▶ [Task instructions] Report how many lines below include "negL", giving the figure alone.

(Saved data entries)
=== Begin Enclosure ===

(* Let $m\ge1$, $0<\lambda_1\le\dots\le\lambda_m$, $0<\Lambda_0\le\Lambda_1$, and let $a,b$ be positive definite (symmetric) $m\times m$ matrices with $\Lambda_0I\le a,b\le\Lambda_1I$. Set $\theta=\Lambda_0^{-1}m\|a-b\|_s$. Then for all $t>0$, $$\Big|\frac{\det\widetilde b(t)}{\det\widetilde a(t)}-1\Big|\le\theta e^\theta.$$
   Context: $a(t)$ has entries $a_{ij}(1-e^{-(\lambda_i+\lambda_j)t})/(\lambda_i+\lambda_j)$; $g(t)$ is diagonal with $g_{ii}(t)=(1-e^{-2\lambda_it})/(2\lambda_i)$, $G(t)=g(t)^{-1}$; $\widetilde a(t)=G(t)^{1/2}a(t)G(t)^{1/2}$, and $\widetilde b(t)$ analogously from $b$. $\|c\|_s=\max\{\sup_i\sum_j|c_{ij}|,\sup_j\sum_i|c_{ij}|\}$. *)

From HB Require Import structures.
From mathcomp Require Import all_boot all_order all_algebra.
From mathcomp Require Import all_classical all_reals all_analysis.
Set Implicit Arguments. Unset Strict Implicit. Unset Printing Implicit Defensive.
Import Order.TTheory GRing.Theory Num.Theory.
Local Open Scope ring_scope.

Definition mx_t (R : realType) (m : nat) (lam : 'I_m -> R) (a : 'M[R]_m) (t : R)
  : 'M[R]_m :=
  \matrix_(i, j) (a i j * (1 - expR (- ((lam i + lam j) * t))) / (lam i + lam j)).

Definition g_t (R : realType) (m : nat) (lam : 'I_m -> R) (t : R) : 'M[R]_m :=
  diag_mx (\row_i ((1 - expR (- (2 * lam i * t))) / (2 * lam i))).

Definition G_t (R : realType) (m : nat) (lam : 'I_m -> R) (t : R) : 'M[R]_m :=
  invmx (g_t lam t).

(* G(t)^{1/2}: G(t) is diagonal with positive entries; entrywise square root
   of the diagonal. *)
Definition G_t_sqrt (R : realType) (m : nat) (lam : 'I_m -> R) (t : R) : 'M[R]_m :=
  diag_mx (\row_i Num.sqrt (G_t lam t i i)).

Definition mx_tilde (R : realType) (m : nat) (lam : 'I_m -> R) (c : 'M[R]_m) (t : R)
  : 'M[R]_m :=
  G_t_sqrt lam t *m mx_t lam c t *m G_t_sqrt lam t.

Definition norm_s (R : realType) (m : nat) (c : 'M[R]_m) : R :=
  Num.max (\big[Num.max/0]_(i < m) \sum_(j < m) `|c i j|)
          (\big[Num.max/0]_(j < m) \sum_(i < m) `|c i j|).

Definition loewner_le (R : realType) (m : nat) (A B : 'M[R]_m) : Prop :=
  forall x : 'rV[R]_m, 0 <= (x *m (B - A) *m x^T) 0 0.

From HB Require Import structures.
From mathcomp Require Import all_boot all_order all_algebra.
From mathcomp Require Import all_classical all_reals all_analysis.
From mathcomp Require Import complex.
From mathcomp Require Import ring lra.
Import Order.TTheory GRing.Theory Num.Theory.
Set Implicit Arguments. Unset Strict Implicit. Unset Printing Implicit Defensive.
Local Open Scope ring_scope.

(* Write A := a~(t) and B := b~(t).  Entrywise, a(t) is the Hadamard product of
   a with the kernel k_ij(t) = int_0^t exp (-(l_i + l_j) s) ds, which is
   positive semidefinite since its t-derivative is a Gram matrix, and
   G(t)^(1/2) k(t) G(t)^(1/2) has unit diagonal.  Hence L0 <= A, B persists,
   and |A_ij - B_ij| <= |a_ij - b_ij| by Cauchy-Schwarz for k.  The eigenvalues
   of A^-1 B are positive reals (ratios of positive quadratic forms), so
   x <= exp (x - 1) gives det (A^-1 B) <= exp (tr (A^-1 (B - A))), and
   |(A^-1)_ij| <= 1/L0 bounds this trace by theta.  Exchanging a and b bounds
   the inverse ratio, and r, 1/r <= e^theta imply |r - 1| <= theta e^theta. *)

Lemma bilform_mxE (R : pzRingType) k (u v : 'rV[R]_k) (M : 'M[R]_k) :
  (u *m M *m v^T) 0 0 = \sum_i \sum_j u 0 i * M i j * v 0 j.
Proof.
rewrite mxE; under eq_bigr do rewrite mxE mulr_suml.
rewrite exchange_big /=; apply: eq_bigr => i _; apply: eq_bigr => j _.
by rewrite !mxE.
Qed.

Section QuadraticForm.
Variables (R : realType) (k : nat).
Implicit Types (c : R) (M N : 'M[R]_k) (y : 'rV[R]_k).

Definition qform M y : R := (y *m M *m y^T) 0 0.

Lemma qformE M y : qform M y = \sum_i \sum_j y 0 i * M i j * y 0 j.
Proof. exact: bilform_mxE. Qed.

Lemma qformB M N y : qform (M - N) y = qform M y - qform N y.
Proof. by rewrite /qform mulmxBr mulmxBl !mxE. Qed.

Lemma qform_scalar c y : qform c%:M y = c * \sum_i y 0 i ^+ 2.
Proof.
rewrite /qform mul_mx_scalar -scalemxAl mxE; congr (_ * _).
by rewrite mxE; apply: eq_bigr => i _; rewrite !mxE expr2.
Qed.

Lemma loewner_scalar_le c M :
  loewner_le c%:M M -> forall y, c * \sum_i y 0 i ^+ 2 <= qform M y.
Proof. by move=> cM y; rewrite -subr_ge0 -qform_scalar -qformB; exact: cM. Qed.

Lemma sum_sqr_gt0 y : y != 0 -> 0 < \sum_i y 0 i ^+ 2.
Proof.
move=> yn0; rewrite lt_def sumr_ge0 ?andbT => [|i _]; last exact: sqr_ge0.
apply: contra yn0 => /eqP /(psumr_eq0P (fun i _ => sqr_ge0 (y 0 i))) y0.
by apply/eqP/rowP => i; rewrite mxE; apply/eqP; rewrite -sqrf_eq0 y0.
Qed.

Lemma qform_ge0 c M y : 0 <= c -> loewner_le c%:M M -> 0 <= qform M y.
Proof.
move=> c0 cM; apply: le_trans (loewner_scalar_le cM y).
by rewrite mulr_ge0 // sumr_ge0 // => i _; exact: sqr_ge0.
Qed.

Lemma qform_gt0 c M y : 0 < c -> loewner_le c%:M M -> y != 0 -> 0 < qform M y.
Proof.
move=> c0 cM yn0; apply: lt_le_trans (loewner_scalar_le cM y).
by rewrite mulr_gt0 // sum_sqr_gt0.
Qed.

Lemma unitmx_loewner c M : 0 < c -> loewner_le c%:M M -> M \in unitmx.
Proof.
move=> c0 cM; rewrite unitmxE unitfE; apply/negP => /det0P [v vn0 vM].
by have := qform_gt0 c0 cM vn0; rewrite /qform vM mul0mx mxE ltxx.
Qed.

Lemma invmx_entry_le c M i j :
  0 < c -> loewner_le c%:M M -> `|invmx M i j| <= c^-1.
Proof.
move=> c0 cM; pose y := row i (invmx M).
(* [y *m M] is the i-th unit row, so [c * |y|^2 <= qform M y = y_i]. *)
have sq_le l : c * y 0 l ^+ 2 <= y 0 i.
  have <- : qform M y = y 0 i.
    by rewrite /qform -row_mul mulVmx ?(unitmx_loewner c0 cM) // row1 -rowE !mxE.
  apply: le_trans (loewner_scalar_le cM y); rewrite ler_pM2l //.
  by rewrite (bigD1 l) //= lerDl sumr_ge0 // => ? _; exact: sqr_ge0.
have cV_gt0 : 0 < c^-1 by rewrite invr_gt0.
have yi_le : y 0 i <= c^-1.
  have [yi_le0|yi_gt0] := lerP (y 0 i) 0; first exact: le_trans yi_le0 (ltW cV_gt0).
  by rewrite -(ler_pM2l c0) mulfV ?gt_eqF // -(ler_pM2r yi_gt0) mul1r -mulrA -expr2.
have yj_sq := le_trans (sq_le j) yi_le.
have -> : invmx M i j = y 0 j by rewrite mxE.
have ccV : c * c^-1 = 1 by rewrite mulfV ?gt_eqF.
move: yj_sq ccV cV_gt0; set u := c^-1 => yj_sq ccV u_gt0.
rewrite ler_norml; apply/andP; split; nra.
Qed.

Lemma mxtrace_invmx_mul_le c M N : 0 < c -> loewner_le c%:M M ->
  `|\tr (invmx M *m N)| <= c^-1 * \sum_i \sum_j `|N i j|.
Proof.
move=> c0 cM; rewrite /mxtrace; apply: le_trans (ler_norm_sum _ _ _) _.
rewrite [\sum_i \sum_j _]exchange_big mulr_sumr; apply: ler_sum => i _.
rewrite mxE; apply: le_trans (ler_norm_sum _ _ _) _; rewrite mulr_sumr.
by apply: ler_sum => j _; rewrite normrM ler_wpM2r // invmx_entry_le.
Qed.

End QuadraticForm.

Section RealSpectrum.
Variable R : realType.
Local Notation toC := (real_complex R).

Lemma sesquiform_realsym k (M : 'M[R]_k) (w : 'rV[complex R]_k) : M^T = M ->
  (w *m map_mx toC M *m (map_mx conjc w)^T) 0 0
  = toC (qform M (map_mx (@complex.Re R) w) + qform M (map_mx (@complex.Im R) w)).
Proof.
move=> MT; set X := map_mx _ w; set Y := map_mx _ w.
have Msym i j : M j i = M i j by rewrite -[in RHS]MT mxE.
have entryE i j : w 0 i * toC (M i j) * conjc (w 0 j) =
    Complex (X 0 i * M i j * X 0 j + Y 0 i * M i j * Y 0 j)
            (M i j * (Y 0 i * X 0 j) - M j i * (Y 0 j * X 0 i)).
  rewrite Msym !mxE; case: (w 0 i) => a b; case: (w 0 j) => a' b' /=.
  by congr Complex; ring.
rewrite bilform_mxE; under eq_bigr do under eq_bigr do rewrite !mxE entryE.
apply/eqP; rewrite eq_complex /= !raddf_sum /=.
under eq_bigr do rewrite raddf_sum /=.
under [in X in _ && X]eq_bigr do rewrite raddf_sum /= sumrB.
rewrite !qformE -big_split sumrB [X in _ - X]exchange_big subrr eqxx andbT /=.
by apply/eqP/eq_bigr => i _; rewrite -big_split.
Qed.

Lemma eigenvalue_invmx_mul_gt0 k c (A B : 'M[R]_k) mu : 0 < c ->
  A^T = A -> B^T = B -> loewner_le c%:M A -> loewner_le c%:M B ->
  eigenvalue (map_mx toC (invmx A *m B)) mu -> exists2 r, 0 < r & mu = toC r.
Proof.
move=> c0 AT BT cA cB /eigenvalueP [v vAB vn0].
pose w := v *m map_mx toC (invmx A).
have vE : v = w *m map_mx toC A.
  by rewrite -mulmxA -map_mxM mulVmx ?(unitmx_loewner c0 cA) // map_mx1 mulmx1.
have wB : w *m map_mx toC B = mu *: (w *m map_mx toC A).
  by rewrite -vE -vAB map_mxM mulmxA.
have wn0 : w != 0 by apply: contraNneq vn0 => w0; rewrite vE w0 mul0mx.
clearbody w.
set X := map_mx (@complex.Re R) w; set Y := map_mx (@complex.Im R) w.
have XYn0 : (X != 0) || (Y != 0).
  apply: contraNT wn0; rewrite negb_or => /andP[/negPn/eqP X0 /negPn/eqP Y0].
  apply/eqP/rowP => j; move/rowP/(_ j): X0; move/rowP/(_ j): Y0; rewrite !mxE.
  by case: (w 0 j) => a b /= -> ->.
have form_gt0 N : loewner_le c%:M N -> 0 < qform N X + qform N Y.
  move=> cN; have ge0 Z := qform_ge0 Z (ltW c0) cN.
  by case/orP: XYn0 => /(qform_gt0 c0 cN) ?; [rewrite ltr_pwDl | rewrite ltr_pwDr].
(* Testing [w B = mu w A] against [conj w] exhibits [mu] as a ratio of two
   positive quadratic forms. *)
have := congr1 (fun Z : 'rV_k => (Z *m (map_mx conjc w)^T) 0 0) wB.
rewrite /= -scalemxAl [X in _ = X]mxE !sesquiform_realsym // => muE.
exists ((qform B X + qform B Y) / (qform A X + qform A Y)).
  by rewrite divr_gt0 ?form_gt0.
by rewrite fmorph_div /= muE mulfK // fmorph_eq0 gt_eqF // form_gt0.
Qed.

=== End Enclosure ===
=== Begin Enclosure ===

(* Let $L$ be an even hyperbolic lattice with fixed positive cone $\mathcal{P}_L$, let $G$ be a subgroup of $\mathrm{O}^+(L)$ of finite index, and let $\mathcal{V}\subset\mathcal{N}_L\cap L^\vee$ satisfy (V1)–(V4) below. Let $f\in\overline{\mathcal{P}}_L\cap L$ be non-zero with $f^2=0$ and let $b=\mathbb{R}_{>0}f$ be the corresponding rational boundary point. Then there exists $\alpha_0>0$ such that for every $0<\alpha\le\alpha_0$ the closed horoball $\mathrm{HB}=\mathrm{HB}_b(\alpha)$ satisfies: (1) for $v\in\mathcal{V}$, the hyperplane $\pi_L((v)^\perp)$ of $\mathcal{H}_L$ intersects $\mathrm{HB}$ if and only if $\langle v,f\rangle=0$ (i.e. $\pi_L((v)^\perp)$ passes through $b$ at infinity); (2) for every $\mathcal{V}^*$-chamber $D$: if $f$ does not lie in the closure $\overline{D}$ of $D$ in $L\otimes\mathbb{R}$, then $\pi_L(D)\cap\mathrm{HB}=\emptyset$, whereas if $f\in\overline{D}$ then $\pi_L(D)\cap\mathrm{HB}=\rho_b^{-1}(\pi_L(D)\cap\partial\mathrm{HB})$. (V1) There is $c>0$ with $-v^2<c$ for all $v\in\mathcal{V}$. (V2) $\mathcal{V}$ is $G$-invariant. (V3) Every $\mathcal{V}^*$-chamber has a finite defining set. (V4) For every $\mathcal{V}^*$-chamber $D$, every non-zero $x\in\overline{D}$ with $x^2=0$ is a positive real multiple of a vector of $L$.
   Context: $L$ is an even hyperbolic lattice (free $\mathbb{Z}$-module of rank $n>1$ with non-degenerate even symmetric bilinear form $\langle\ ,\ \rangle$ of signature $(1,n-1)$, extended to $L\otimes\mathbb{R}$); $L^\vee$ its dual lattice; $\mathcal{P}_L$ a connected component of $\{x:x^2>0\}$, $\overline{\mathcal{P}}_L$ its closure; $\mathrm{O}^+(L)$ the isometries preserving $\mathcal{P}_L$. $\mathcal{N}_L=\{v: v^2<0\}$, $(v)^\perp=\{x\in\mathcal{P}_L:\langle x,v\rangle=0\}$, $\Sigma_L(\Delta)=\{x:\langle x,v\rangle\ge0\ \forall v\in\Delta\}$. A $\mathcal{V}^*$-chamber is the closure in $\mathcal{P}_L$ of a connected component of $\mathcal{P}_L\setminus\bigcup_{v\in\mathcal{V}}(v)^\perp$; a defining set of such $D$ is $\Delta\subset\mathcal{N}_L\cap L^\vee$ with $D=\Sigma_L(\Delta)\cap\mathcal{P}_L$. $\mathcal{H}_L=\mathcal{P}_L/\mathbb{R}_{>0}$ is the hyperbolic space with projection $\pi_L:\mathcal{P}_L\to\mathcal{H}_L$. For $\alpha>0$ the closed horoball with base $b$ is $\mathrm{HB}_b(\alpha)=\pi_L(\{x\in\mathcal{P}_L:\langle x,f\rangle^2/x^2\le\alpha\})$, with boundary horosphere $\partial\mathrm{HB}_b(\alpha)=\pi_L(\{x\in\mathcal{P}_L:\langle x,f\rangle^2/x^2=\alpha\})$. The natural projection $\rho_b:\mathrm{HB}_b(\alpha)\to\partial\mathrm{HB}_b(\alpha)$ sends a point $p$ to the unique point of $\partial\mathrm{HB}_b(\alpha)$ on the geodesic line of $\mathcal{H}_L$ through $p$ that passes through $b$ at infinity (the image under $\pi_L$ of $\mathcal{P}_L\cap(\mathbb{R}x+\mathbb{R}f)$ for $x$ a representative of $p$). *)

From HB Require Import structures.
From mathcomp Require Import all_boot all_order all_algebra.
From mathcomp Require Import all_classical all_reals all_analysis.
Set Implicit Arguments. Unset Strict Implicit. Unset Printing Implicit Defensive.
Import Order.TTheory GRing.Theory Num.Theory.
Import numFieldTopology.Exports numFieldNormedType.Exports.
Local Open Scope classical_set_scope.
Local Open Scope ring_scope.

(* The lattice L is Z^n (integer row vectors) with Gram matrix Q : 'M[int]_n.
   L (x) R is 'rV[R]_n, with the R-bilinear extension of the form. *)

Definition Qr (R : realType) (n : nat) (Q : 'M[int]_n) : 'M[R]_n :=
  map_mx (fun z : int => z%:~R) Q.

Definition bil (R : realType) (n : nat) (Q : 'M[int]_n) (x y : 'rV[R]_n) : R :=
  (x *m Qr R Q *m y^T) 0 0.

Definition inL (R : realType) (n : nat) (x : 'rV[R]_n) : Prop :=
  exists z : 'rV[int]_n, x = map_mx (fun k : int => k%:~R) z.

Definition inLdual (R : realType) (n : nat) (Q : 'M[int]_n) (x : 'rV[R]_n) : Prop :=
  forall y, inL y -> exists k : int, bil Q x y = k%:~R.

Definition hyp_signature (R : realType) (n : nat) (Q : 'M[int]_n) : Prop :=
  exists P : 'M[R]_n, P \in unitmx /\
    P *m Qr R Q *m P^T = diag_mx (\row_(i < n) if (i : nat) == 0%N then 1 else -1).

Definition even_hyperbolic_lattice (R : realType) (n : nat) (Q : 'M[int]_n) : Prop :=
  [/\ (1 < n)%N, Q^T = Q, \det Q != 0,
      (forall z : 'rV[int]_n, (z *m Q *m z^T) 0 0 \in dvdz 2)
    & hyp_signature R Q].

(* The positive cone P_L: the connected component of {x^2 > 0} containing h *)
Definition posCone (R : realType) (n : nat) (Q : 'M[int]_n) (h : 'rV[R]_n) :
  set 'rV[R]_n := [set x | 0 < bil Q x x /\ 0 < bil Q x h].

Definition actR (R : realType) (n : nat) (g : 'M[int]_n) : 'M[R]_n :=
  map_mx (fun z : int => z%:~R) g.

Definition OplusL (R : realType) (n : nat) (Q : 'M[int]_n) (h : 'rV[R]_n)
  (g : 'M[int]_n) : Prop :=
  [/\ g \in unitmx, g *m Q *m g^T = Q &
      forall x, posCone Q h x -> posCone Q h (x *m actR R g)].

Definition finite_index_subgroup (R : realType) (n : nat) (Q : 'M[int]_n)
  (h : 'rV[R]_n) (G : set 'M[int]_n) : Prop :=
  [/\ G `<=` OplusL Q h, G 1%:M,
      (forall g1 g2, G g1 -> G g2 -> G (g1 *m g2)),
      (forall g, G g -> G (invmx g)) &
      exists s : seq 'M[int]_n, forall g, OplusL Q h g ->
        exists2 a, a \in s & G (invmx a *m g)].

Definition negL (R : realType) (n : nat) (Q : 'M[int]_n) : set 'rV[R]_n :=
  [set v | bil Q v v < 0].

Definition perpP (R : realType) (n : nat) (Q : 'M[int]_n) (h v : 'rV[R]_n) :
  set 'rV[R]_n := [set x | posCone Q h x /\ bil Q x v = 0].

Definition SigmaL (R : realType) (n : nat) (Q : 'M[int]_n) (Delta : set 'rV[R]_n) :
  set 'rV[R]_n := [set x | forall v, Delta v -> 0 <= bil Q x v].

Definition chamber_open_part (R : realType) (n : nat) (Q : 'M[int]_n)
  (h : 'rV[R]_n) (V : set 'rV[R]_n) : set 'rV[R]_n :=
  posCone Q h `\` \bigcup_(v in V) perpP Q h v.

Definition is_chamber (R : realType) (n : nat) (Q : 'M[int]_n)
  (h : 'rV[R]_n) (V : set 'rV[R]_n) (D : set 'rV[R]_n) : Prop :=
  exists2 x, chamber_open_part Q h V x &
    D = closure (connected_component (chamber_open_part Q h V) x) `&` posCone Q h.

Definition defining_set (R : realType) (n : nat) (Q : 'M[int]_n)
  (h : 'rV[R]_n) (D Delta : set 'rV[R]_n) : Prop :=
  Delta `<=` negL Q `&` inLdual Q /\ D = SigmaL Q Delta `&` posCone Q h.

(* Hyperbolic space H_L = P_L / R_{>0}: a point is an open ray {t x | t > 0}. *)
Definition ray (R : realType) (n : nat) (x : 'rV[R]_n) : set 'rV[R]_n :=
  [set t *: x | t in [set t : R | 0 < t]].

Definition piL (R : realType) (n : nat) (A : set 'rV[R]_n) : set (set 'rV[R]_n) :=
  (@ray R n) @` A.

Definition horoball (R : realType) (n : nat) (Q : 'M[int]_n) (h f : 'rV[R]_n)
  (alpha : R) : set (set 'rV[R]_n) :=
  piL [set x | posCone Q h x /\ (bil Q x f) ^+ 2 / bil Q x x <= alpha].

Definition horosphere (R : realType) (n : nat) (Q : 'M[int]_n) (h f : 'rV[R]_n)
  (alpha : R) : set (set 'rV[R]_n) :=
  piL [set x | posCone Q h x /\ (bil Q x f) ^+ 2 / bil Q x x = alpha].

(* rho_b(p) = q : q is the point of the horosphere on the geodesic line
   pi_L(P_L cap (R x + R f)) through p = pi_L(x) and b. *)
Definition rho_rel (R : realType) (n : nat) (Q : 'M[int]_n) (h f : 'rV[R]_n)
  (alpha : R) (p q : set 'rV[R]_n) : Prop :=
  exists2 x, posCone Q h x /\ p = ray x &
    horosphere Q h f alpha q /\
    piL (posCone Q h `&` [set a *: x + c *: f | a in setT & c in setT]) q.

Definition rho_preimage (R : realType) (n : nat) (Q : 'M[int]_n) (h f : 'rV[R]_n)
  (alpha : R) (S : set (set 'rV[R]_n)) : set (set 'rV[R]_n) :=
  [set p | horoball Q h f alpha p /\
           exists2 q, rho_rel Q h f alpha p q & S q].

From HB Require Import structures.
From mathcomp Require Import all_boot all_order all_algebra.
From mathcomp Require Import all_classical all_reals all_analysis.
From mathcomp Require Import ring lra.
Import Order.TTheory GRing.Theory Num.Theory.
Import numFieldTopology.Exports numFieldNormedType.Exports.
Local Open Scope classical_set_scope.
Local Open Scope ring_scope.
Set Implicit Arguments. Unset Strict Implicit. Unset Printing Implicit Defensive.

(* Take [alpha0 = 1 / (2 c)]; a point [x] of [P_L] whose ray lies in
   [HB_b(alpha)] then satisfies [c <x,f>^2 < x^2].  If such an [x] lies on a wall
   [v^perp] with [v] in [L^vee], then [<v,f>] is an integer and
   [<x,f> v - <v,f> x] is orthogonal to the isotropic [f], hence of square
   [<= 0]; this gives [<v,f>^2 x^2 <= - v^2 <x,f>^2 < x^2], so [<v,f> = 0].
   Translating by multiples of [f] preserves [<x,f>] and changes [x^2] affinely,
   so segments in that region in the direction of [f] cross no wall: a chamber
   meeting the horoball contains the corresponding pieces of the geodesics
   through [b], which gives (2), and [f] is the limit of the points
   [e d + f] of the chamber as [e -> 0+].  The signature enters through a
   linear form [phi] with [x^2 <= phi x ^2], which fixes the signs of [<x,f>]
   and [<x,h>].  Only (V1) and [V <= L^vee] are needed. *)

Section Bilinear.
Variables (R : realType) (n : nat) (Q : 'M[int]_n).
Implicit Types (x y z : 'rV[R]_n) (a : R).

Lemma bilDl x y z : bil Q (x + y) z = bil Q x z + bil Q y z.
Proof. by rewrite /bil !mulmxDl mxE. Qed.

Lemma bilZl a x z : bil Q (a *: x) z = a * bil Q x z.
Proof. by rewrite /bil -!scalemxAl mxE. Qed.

=== End Enclosure ===
=== Begin Enclosure ===

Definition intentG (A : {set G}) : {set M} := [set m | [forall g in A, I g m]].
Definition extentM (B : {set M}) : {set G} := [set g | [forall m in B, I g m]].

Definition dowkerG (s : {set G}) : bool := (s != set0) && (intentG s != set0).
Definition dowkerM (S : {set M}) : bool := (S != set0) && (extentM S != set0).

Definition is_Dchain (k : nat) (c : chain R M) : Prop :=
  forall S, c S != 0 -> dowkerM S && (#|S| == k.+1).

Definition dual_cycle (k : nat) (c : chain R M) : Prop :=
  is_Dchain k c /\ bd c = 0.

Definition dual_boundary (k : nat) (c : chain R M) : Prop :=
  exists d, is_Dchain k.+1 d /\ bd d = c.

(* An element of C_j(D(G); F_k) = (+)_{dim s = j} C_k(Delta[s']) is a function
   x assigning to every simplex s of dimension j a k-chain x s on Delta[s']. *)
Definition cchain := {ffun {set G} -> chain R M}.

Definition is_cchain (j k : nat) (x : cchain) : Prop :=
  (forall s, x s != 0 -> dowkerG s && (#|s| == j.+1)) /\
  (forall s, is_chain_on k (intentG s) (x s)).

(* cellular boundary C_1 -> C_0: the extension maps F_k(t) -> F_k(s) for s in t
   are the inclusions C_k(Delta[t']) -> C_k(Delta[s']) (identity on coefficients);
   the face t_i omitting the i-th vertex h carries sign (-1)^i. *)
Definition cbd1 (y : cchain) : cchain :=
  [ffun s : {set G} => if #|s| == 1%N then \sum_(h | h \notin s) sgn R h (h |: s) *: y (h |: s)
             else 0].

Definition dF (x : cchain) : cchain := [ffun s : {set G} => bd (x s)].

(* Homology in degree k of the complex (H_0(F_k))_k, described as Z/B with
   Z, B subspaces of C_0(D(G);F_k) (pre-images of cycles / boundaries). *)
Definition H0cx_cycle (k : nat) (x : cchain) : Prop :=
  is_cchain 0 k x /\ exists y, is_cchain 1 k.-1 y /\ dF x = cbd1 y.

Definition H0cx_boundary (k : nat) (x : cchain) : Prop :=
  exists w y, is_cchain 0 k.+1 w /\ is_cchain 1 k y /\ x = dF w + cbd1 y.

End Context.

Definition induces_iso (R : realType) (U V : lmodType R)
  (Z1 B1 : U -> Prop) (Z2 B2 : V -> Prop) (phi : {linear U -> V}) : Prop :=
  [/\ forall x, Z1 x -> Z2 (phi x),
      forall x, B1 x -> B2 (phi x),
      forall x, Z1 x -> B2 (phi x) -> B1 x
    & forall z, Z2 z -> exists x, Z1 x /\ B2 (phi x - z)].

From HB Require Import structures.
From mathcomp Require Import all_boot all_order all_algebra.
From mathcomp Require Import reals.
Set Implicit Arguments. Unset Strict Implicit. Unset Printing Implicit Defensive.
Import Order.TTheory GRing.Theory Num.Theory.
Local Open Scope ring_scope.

=== End Enclosure ===

▶ [Response for this exercise] 2